Court Opinion

ID: 4722199
Source: CourtListenerOpinion
Date Created: 2021-08-12 02:37:21.637414+00
Date Added: 2024-06-11T08:07:41.076699
License: Public Domain

Mitchell, J.
— The plaintiff instituted this action against the H. I. S. Motor Company, a corporation, to rescind a contract of purchase of two thousand shares *413of the capital stock of the corporation, known as treasury stock, and to recover the sum of $10,000 paid therefor, together with interest. The action was based on fraud. The sale of the stock was made through an agent of the corporation acting under an agreement that the corporation would pay all the cost of printing an advertising prospectus to be distributed by the agent among prospective purchasers of stock, and to pay the agént sixty per cent of the amounts received from purchasers from the sales of stock as commission for his services. The decision of the trial court was that plaintiff had been defrauded and was entitled to relief, but that as the corporation in its contract with its agent had agreed to pay sixty per cent commission, judgment was allowed only to the extent of the remaining forty per cent, amounting to $4,000 and interest. The plaintiff has appealed, contending for a judgment for the full amount of $10,000 and interest.
Appellant’s contention must prevail. A clear and concise statement of the rule in cases of this kind is found in 2 Pomeroy, Equity Jurisprudence (4th ed.), § 910, as follows:
“The fundamental theory upon which equity acts is that of restoration, — of restoring the defrauded party primarily, and the fraudulent party as a necessary incident, to the position which they occupied before the fraud was committed. Assuming that the transaction ought not to have taken place, the court proceeds as though it had not taken place, and returns the parties to that situation.”
Or, as was said in the case of Neblett v. MacFarland, 92 U. S. 101, 23 L. Ed. 471:
“The court proceeds on the principle, that, as the transaction ought never to have taken place, the parties are to be placed as far as possible in the situation *414in which they would have stood if there had never been any such transaction. Bellamy v. Sabine, 2 Phil. 425; Samy v. King, 5 H. L. 627; W. B. of Scotland v. Addie, L. R. 1 Scotch App. Cas. 162; Gatley v. Newell, 9 Ind. 572; Johnson v. Jones, 13 Sm. & M. 580; Kerr on Fraud, 335, 343. This is, no doubt, the general rule.”
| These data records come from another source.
(* [exp y >= (y/K)^K], and choosing [K q >= 2] makes [(n^q)^K] dominate [n^2]. *)
Lemma eventually_mul_le_exp_Rpower (c d q : R) : 0 < d -> 0 < q ->
  eventually (fun n => c * INR n <= exp (d * Rpower (INR n) q)).
Proof.
  intros Hd Hq.
  destruct (INR_unbounded (2 / q)) as [K HK].
  assert (HK0 : 0 < INR K) by (assert (0 < 2 / q) by (apply Rdiv_lt_0_compat; lra); lra).
  assert (HqK : 2 <= q * INR K).
  { replace 2 with (q * (2 / q)) by (field; lra). apply Rmult_le_compat_l; lra. }
  set (a := (d / INR K) ^ K).
  assert (Ha : 0 < a) by (apply pow_lt, Rdiv_lt_0_compat; lra).
  destruct (eventually_INR_ge (Rmax 1 (c / a))) as [N HN]. exists N. intros n Hn.
  specialize (HN n Hn). set (x := INR n) in *.
  assert (Hx : 1 <= x /\ c / a <= x)
    by (pose proof (Rmax_l 1 (c / a)); pose proof (Rmax_r 1 (c / a)); lra).
  assert (Hpow : a * x ^ 2 <= (d * Rpower x q / INR K) ^ K).
  { replace (d * Rpower x q / INR K) with (d / INR K * Rpower x q) by (field; lra).
    rewrite Rpow_mult_distr, <- (Rpower_pow K (Rpower x q)), Rpower_mult by apply exp_pos.
    fold a. apply Rmult_le_compat_l; [lra |].
    rewrite <- (Rpower_pow 2 x) by lra. apply Rle_Rpower; simpl; lra. }
  assert (Hcx : c <= a * x)
    by (replace c with (a * (c / a)) by (field; lra); apply Rmult_le_compat_l; lra).
  apply Rle_trans with (a * x ^ 2); [nra |].
  apply Rle_trans with ((d * Rpower x q / INR K) ^ K); [exact Hpow |].
  apply pow_div_le_exp; [left; apply Rmult_lt_0_compat; [lra | apply exp_pos] |].
  apply INR_lt. simpl. lra.
Qed.

Lemma eventually_small_eps (t : R) : t < 1 -> eventually (fun n => exists eps,
  0 < eps <= 1 /\ Rpower (INR n) t * eps <= 1 / 40 /\ 6 * INR n <= exp (eps * INR n / 4)).
Proof.
  intros Ht. set (t' := Rmax t 0). set (q := (1 - t') / 2).
  assert (Ht' : t <= t' /\ 0 <= t') by (split; [apply Rmax_l | apply Rmax_r]).
  assert (Hq : 0 < q <= 1 / 2) by (unfold q, t', Rmax; destruct Rle_dec; lra).
  apply filter_imp with (fun n => 1 <= INR n /\ 40 <= Rpower (INR n) q /\
    6 * INR n <= exp (1 / 4 * Rpower (INR n) q)).
  2: { repeat apply filter_and; [apply eventually_INR_ge | apply eventually_Rpower_ge |
       apply eventually_mul_le_exp_Rpower]; lra. }
  intros n [Hn [Hsmall Hexp]]. set (x := INR n) in *.
  exists (Rpower x (q - 1)). split; [split | split].
  - apply exp_pos.
  - apply Rle_trans with (Rpower x 0); [apply Rle_Rpower | rewrite Rpower_O]; lra.
  - apply Rle_trans with (Rpower x t' * Rpower x (q - 1)).
    { apply Rmult_le_compat_r; [left; apply exp_pos | apply Rle_Rpower; lra]. }
    rewrite <- Rpower_plus. replace (t' + (q - 1)) with (- q) by (unfold q; lra).
    rewrite Rpower_Ropp. apply Rle_trans with (/ 40); [apply Rinv_le_contravar |]; lra.
  - replace (Rpower x (q - 1) * x / 4) with (1 / 4 * Rpower x q); [exact Hexp |].
    rewrite <- (Rpower_1 x) at 3 by lra. rewrite <- Rpower_plus.
    replace (q - 1 + 1) with q by ring. field.
Qed.
Lemma ip_coord x y : ip G x y = \sum_i x 0 i * ip G (ev R i) y.
Proof.
rewrite {1}(row_sum_delta x) linear_sumlz; apply: eq_bigr => i _.
by rewrite linearZl_LR.
Qed.

Definition riesz f := (\row_k f (ev R k)) *m invmx G.

Lemma ip_riesz f t : scalar f -> ip G (riesz f) t = f t.
Proof.
move=> f_scalar; rewrite /ip (mulmxKV G_unit) mxE [in RHS](row_sum_delta t).
rewrite scalar_combination_of //; apply: eq_bigr => k _.
by rewrite !mxE mulrC.
Qed.

Lemma riesz_ip f y : (forall t, f t = ip G y t) -> riesz f = y.
Proof.
move=> fy; rewrite /riesz (_ : \row_k f (ev R k) = y *m G) ?(mulmxK G_unit) //.
by apply/rowP => k; rewrite mxE fy ip_ev.
Qed.

Lemma ftrace_adjoint A B : linear A -> linear B ->
  (forall x y, ip G (A x) y = ip G x (B y)) -> ftrace A = ftrace B.
Proof.
move=> linA linB AB.
transitivity (ftrace (fun x => B (x *m invmx G) *m G)).
  by apply: eq_bigr => i _; rewrite -ip_dual AB ipC ip_ev.
rewrite (ftrace_comm (A := mulmxr G) (B := fun x => B (x *m invmx G))).
- by apply: eq_bigr => i _; rewrite /= (mulmxK G_unit).
- exact: linearP.
- by move=> a x y; rewrite /= mulmxDl -scalemxAl linB.
Qed.

End Gram.
Lemma uniform_prob01_le_lebesgue (U : set R) : measurable U ->
  uniform_prob (@ltr01 R) U <= lebesgue_measure U.
Proof.
move=> mU; rewrite /uniform_prob.
apply: (@le_trans _ _ (\int[lebesgue_measure]_(x in U) cst 1 x)); last first.
  by rewrite integral_cst // mul1e.
apply: ge0_le_integral => //.
- by move=> x _; rewrite lee_fin uniform_pdf_ge0.
- apply/measurable_EFinP; apply: measurable_funTS; exact: measurable_uniform_pdf.
- by move=> x _; rewrite /= lee_fin /uniform_pdf; case: ifP => _ //; rewrite subr0 invr1.
Qed.

Lemma lebesgue_measure_itv_add_le (a w : R) : (0 <= w)%R ->
  lebesgue_measure `[a, (a + w)%R]%classic <= w%:E.
Proof.
move=> w0; rewrite lebesgue_measure_itv /=; case: ifP => _; last by rewrite lee_fin.
by rewrite -EFinD lee_fin addrC addKr.
Qed.

End UniformProbability.

Lemma measure_big_setU_fin d (Omega : measurableType d) (R : realType)
    (mu : {measure set Omega -> \bar R}) (I : finType) (F : I -> set Omega) (G : pred I) :
  (forall i, measurable (F i)) -> (forall i j, i != j -> F i `&` F j = set0) ->
  mu (\big[setU/set0]_(i | G i) F i) = (\sum_(i | G i) mu (F i))%E.
Proof.
move=> mF dF.
rewrite (eq_bigl (fun i => predT i && G i)) // [in RHS](eq_bigl (fun i => predT i && G i)) //.
rewrite !(big_enum_val_cond G) measure_bigsetU_ord // => a b _ _ [x [xa xb]].
apply: enum_val_inj; apply/eqP/negP => /negP ab.
by have := dF _ _ ab; rewrite -subset0 => /(_ x); apply.
Qed.
(* Write [c_n(Y)] for the divided difference of [x ^ n] over the nodes [Y]. Expanding
   [e^(t x)] on the contour gives [e^(t[Y]) = sum_n t^n / n! c_n(Y)], and the contour integral
   identifies [c_n(Y)] with the coefficient of [z^(n+1)] in [prod_(y in Y) z / (1 - y z)]. This
   generating function is multiplicative, so [c_k(Y0 ++ Y1) = sum_(n+m=k-1) c_n(Y0) c_m(Y1)];
   together with the beta integral
   [int_0^beta (-tau)^m/m! (-(beta-tau))^n/n! dtau = - (-beta)^(n+m+1)/(n+m+1)!]
   this proves the identity for the Taylor polynomials of degree [< N], up to the terms of
   total degree [>= N]. Cauchy estimates [|c_n(Y)| <= r^(n+1) / prod_(y in Y) (r - |y|)] on the
   contour of radius [r] bound all errors by multiples of [X^N / N!], which tend to [0]. *)

From Stdlib Require Import Lra Lia Psatz Factorial.

Notation CV := C_R_CompleteNormedModule.

Open Scope C_scope.

(** * Complex-valued Riemann integrals *)

Lemma is_RInt_eq_value {V : NormedModule R_AbsRing} (f : R -> V) a b (l m : V) :
  is_RInt f a b l -> l = m -> is_RInt f a b m.
Proof. intros H <-; exact H. Qed.

Lemma is_RInt_C_eq_value (f : R -> C) a b (l m : C) :
  is_RInt (V := CV) f a b l -> l = m -> is_RInt (V := CV) f a b m.
Proof. intros H <-; exact H. Qed.

Lemma is_RInt_C_ext (f g : R -> C) a b (l : C) :
  (forall t, f t = g t) -> is_RInt (V := CV) f a b l -> is_RInt (V := CV) g a b l.
Proof. intros E; apply is_RInt_ext; intros; apply E. Qed.

Lemma is_RInt_C (f : R -> C) a b (l : C) :
  is_RInt (fun t => fst (f t)) a b (fst l) ->
  is_RInt (fun t => snd (f t)) a b (snd l) ->
  is_RInt (V := CV) f a b l.
Proof.
  destruct l as [l1 l2].
  exact (is_RInt_fct_extend_pair (U := R_NormedModule) (V := R_NormedModule) f a b l1 l2).
Qed.

Lemma is_RInt_C_fst (f : R -> C) a b (l : C) :
  is_RInt (V := CV) f a b l -> is_RInt (fun t => fst (f t)) a b (fst l).
Proof. exact (is_RInt_fct_extend_fst (U := R_NormedModule) (V := R_NormedModule) f a b l). Qed.

Lemma is_RInt_C_snd (f : R -> C) a b (l : C) :
  is_RInt (V := CV) f a b l -> is_RInt (fun t => snd (f t)) a b (snd l).
Proof. exact (is_RInt_fct_extend_snd (U := R_NormedModule) (V := R_NormedModule) f a b l). Qed.

Lemma is_RInt_RtoC (f : R -> R) a b l :
  is_RInt f a b l -> is_RInt (V := CV) (fun t => RtoC (f t)) a b (RtoC l).
Proof.
  intros H. apply is_RInt_C; simpl; auto.
  pose proof (is_RInt_const (V := R_NormedModule) a b 0%R) as H0.
  replace (scal _ _) with 0%R in H0 by (unfold scal; simpl; unfold mult; simpl; ring).
  exact H0.
Qed.

Lemma is_RInt_Cmult_l (c : C) (f : R -> C) a b (l : C) :
  is_RInt (V := CV) f a b l -> is_RInt (V := CV) (fun t => c * f t) a b (c * l).
Proof.
  intros H.
  pose proof (is_RInt_C_fst f a b l H) as H1. pose proof (is_RInt_C_snd f a b l H) as H2.
  apply is_RInt_C; simpl.
  - apply (is_RInt_minus (V := R_NormedModule)); apply (is_RInt_scal (V := R_NormedModule)); auto.
  - apply (is_RInt_plus (V := R_NormedModule)); apply (is_RInt_scal (V := R_NormedModule)); auto.
Qed.

Lemma is_RInt_Cplus (f g : R -> C) a b (l m : C) :
  is_RInt (V := CV) f a b l -> is_RInt (V := CV) g a b m ->
  is_RInt (V := CV) (fun t => f t + g t) a b (l + m).
Proof. exact (is_RInt_plus (V := CV) f g a b l m). Qed.

Lemma is_RInt_Cminus (f g : R -> C) a b (l m : C) :
  is_RInt (V := CV) f a b l -> is_RInt (V := CV) g a b m ->
  is_RInt (V := CV) (fun t => f t - g t) a b (l - m).
Proof. exact (is_RInt_minus (V := CV) f g a b l m). Qed.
This rule was observed and followed in our cases of Jackson v. White, 104 Wash. 643, 177 Pac. 667, and Jones v. Grove, 76 Wash. 19, 135 Pac. 488. We have not been favored with any appearance in this court on behalf of the respondent, but it is suggested in appellant’s argument that possibly the trial court was influenced in its conclusion by the case of Bowe v. Provident Loan Corporation, 120 Wash. 574, 208 Pac. 22. That case, however, is not in point and is easily distinguishable from this. In that case the vendor fixed a price it was to receive for its stock, and the agent who handled it was to have, not a commission, but a profit of all he could get over that amount. The vendor was by no means entitled to receive an amount in excess of the price it fixed, which was the amount the vendor was required by the decision to repay to the defrauded purchaser. In the present case, the respondent fixed the price of the stock as that at which it was sold. The appellant subscribed in writing, on a subscription blank of the corporation, for two thousand shares at $5 per share, executed and delivered her interest bearing notes in the sum of $10,-000, payable to the corporation, and thereafter paid the notes. The equitable principle involved here must not be successfully challenged by any consideration of expense the vendor incurred in perpetrating the fraud. Surely, as against appellant’s rights, the respondent would not be permitted to charge any of the cost of printing the advertising prospectus that was used by its agent in inducing the sale, nor a pro*415portionate share of any of the other expense of its business. Those are the burdens of the respondent that in no way concern the appellant, else we drift into a position wholly inconsistent with the theory of restoration — of putting the purchaser in the situation in which she would have stood had there never been any such transaction.
Suppose the situation was reversed and the plaintiff sought rescission by offering to restore what she had received, less expenses that she had incurred in the transaction. Her suit would be dismissed. In the case of Wood v. Nichols, 6 Wash. 96, 32 Pac. 1055, 35 Pac. 140, we held, in an action to obtain a reconveyance of land on the ground of fraudulent misrepresentation, that a tender of the purchase price, less a commission of $100 paid an agent negotiating the sale, he being the agent of the party seeking rescission, is not sufficient to uphold the action. That is the principle involved in the present case and which has not found expression in the judgment entered.
Reversed, and remanded with directions to the superior court to enter judgment for the appellant and against the respondent in the sum of $10,000 and interest.
• Main, O. J., Holcomb, Bridges, and Mackintosh, JJ., concur.